What you have to do ▸ Using the entries that follow, write out the line containing "Section MeanField.", the line containing "Lemma sext_gt n", and every line between them, exactly and nothing else.
::::
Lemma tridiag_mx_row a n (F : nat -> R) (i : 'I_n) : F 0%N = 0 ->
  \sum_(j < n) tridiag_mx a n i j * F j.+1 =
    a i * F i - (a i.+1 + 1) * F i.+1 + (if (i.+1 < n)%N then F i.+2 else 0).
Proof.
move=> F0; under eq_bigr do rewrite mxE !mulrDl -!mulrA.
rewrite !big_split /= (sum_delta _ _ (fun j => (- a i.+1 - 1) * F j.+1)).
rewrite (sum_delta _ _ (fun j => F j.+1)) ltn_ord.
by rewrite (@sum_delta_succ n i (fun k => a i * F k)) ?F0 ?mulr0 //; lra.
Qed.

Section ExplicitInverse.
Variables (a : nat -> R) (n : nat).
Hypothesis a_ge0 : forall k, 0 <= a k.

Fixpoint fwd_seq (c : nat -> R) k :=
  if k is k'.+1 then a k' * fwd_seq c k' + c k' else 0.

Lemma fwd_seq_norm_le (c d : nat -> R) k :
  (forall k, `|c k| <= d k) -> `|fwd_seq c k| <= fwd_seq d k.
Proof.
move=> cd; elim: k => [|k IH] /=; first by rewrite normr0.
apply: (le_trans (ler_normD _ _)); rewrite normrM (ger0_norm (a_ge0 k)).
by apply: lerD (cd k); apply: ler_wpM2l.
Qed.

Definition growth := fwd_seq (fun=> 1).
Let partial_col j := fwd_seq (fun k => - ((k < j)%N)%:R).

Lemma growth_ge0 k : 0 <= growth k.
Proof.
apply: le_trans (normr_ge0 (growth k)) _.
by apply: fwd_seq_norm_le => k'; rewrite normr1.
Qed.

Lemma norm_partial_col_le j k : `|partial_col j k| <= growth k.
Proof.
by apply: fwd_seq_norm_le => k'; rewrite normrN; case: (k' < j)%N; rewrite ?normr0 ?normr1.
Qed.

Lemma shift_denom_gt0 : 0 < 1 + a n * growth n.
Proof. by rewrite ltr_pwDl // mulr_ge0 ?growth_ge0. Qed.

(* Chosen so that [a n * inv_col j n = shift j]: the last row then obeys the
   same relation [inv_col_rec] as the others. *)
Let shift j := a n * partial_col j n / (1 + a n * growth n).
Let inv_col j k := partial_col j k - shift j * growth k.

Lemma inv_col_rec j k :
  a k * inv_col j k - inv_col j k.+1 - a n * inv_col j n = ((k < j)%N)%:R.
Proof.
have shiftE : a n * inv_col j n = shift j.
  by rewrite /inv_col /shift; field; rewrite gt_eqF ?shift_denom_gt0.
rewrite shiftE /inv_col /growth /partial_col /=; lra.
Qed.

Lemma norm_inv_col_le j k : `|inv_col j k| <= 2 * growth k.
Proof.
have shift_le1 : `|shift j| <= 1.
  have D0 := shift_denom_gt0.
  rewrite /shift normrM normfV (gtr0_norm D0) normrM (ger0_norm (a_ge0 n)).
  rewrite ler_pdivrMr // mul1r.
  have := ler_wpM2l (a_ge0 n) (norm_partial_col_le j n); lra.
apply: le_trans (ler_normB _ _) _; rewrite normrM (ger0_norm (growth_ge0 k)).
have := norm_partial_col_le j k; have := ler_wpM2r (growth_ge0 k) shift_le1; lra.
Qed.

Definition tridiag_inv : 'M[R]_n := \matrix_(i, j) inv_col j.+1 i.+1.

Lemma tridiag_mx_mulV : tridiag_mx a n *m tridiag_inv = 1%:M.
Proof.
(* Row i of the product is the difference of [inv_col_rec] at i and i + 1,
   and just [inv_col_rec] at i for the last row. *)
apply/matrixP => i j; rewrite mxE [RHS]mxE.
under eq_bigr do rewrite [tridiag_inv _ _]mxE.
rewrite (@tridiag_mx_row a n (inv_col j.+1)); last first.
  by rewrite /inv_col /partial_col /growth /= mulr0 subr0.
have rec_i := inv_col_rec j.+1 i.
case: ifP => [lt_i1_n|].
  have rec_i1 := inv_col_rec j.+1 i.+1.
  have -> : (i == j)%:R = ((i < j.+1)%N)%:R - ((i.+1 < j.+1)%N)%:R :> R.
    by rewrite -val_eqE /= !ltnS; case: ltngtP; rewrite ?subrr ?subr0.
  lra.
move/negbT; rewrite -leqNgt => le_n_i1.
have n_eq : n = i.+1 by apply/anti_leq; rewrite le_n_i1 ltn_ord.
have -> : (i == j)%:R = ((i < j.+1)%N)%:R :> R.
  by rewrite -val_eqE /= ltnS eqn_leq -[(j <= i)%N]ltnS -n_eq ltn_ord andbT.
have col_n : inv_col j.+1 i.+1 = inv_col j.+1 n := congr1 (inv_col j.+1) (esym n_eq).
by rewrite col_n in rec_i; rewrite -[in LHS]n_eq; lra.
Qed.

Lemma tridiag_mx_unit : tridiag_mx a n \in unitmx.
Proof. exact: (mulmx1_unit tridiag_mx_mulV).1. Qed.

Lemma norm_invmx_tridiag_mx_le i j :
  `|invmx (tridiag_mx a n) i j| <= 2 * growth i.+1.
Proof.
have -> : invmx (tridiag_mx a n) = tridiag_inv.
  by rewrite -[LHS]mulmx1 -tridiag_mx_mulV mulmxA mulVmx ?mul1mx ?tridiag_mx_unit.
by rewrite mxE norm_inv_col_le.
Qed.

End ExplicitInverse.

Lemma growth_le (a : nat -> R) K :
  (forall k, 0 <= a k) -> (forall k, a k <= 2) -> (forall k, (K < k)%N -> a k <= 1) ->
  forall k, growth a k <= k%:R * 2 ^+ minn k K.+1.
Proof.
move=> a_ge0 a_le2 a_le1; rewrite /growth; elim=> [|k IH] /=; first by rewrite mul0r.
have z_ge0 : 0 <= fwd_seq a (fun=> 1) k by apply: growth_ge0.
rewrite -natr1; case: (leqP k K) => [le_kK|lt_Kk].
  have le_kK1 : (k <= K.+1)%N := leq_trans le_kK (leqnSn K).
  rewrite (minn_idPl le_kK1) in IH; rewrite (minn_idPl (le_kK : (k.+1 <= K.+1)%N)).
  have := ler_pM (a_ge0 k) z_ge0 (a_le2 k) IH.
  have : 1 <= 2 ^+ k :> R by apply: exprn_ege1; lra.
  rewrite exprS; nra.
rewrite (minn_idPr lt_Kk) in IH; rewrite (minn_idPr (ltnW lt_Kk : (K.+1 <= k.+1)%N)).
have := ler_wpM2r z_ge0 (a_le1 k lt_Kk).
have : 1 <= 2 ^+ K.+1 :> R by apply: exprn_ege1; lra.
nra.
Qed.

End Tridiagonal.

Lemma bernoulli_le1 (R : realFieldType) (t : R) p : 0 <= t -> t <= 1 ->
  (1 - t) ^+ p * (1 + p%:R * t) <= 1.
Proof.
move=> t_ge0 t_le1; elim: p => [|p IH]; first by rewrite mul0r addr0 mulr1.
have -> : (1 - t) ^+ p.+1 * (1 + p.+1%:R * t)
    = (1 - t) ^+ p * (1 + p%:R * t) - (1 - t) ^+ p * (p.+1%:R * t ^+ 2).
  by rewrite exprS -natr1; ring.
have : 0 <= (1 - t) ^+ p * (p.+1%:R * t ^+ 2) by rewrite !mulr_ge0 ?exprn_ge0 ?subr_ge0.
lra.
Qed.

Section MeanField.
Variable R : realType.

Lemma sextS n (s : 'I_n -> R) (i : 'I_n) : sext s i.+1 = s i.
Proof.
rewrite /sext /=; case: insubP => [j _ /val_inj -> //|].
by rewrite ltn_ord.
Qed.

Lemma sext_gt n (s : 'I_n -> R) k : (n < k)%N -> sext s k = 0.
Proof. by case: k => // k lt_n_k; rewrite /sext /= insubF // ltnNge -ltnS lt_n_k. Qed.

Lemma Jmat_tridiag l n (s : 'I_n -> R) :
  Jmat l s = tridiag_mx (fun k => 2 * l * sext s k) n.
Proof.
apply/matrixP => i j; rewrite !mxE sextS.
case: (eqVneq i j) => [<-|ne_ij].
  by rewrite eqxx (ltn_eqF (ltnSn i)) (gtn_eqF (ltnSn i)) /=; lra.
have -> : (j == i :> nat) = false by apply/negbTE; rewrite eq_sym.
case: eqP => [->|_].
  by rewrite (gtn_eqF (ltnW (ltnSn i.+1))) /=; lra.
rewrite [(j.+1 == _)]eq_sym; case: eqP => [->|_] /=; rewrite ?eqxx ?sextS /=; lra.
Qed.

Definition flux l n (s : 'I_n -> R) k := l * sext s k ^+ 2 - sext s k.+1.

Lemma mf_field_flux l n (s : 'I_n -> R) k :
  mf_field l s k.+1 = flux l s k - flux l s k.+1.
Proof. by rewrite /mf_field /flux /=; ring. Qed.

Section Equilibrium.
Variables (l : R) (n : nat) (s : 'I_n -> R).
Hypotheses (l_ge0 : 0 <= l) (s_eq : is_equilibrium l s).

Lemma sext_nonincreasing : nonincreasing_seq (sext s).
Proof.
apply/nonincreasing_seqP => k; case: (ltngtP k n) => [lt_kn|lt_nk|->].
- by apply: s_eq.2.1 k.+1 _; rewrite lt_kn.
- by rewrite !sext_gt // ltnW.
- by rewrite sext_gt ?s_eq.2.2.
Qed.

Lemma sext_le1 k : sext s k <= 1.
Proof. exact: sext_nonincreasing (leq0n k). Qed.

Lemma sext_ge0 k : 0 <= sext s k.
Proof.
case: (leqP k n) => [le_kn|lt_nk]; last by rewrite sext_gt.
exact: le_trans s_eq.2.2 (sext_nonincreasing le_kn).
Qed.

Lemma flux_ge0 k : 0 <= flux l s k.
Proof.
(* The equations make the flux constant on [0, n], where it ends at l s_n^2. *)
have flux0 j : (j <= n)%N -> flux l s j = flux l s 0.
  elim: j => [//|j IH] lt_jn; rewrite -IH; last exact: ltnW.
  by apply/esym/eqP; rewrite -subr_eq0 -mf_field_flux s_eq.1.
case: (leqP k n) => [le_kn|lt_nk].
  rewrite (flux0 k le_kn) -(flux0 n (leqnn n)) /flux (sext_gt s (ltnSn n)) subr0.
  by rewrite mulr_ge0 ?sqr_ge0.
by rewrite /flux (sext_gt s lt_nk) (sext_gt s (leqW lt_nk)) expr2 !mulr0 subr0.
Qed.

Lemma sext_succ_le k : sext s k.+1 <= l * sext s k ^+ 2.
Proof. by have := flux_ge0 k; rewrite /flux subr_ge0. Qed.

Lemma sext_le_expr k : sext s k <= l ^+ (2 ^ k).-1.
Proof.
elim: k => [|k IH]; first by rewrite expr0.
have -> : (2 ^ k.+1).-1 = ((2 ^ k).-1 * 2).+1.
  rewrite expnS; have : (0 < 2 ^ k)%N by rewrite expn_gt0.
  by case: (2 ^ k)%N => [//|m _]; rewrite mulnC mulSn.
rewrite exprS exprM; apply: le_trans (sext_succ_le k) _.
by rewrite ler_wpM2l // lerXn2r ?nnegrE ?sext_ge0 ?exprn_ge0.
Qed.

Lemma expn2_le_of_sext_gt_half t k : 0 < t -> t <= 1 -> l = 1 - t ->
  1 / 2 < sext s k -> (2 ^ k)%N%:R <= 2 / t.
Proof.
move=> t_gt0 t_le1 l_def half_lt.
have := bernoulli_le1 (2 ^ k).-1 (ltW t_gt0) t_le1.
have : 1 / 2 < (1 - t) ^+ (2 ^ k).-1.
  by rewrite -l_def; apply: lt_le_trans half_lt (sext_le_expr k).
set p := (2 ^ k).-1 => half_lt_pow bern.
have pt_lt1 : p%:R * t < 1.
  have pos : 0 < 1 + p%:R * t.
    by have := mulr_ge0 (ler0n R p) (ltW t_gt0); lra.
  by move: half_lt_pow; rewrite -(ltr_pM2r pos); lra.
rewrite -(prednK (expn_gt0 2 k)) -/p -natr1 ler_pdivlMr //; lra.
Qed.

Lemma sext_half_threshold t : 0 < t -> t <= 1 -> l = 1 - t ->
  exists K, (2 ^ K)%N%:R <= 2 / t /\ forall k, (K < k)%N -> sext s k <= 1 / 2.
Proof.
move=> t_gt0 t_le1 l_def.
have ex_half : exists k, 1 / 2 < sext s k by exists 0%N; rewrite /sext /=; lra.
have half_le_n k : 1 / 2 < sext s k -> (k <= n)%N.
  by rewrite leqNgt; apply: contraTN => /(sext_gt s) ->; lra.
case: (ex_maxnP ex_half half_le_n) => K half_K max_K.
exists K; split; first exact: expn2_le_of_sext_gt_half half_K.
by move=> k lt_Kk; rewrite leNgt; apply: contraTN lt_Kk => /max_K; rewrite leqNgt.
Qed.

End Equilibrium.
::::
Solution to this problem ▸
Section MeanField.
Variable R : realType.

Lemma sextS n (s : 'I_n -> R) (i : 'I_n) : sext s i.+1 = s i.
Proof.
rewrite /sext /=; case: insubP => [j _ /val_inj -> //|].
by rewrite ltn_ord.
Qed.

Lemma sext_gt n (s : 'I_n -> R) k : (n < k)%N -> sext s k = 0.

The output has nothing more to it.